Record set:
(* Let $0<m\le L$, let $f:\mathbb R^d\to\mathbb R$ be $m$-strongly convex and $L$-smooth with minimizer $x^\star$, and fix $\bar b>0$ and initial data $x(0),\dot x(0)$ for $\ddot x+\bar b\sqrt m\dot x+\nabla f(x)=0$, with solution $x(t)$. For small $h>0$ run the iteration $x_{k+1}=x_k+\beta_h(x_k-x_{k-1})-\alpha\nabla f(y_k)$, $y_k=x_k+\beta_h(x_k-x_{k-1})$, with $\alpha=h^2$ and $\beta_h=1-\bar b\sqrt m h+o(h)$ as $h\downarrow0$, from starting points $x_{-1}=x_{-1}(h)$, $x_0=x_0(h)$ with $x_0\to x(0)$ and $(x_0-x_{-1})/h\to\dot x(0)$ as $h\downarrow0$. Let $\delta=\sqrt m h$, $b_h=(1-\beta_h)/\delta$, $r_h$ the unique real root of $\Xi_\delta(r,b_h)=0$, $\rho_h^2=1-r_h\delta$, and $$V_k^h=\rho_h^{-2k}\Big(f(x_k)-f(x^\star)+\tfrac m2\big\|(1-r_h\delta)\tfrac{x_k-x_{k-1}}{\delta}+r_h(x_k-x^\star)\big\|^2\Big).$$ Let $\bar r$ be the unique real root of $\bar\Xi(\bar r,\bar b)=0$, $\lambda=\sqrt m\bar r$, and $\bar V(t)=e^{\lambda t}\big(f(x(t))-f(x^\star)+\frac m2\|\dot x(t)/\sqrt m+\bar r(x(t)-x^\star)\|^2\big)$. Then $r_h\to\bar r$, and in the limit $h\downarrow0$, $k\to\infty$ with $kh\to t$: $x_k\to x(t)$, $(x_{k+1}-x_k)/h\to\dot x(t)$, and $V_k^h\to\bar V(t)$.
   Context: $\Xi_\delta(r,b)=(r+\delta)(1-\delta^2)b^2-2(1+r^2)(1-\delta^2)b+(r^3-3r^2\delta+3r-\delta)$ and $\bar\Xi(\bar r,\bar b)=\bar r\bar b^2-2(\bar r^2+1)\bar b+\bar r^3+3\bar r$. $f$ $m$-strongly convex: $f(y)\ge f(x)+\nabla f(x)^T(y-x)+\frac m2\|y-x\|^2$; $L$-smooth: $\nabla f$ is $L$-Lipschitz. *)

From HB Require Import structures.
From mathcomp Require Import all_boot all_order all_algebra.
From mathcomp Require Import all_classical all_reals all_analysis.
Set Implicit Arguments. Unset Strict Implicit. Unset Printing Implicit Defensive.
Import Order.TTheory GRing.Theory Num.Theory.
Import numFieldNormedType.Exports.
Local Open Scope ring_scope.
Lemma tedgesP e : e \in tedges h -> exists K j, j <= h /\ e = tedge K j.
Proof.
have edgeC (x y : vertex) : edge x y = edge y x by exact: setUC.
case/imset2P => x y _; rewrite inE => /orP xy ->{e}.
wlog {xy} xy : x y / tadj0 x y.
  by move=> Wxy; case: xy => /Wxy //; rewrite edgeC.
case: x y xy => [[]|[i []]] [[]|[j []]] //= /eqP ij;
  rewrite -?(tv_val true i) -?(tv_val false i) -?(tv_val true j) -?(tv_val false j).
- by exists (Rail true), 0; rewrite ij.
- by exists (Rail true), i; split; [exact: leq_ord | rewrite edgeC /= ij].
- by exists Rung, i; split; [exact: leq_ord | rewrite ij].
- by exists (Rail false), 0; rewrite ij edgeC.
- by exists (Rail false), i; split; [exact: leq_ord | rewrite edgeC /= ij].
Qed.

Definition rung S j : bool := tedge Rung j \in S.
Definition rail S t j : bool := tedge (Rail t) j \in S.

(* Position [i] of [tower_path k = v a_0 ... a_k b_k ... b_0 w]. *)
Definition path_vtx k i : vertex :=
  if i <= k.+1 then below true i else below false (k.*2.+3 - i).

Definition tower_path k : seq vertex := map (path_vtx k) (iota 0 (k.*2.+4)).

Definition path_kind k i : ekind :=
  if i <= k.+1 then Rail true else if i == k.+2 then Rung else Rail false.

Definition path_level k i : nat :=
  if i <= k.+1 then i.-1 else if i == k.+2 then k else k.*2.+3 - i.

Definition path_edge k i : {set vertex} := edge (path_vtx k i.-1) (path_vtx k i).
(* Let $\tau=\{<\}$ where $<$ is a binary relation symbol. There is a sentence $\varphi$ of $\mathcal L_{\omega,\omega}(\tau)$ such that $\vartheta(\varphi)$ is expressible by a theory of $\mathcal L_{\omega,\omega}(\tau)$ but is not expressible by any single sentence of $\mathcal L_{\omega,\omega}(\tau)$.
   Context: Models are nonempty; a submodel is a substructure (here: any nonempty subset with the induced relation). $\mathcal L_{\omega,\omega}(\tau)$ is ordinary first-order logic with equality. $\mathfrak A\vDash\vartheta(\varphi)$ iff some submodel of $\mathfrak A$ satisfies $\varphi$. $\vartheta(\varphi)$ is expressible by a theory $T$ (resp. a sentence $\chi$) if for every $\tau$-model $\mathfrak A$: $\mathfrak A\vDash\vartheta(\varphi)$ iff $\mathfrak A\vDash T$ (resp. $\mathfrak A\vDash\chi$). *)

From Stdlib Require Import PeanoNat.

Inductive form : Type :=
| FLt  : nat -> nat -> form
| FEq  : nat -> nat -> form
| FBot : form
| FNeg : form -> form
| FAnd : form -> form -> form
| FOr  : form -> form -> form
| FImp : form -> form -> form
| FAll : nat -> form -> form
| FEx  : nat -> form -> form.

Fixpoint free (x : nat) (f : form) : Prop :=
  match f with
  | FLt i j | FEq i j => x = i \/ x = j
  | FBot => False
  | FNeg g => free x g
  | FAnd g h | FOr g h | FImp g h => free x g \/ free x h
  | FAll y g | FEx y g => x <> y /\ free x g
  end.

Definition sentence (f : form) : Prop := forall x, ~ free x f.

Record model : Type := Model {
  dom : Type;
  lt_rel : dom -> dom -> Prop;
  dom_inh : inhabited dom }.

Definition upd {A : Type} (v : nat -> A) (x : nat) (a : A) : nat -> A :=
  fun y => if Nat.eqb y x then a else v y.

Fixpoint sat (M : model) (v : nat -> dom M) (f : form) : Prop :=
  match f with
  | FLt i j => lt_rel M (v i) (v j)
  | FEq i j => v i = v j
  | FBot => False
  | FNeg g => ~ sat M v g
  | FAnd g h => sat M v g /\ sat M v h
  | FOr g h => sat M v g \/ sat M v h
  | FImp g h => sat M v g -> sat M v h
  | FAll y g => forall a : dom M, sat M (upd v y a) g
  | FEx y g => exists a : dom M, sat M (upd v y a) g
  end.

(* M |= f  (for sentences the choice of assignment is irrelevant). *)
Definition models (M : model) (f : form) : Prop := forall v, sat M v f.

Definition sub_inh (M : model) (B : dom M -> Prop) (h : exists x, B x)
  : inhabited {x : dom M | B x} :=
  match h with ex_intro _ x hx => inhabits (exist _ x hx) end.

What you have to do:
Among the records above, extract exactly the lines from the line with "if i <= k.+1 then i.-1" to the line with "Definition path_edge k", both lines included, and leave out the rest.

Exercise output:
  if i <= k.+1 then i.-1 else if i == k.+2 then k else k.*2.+3 - i.

Definition path_edge k i : {set vertex} := edge (path_vtx k i.-1) (path_vtx k i).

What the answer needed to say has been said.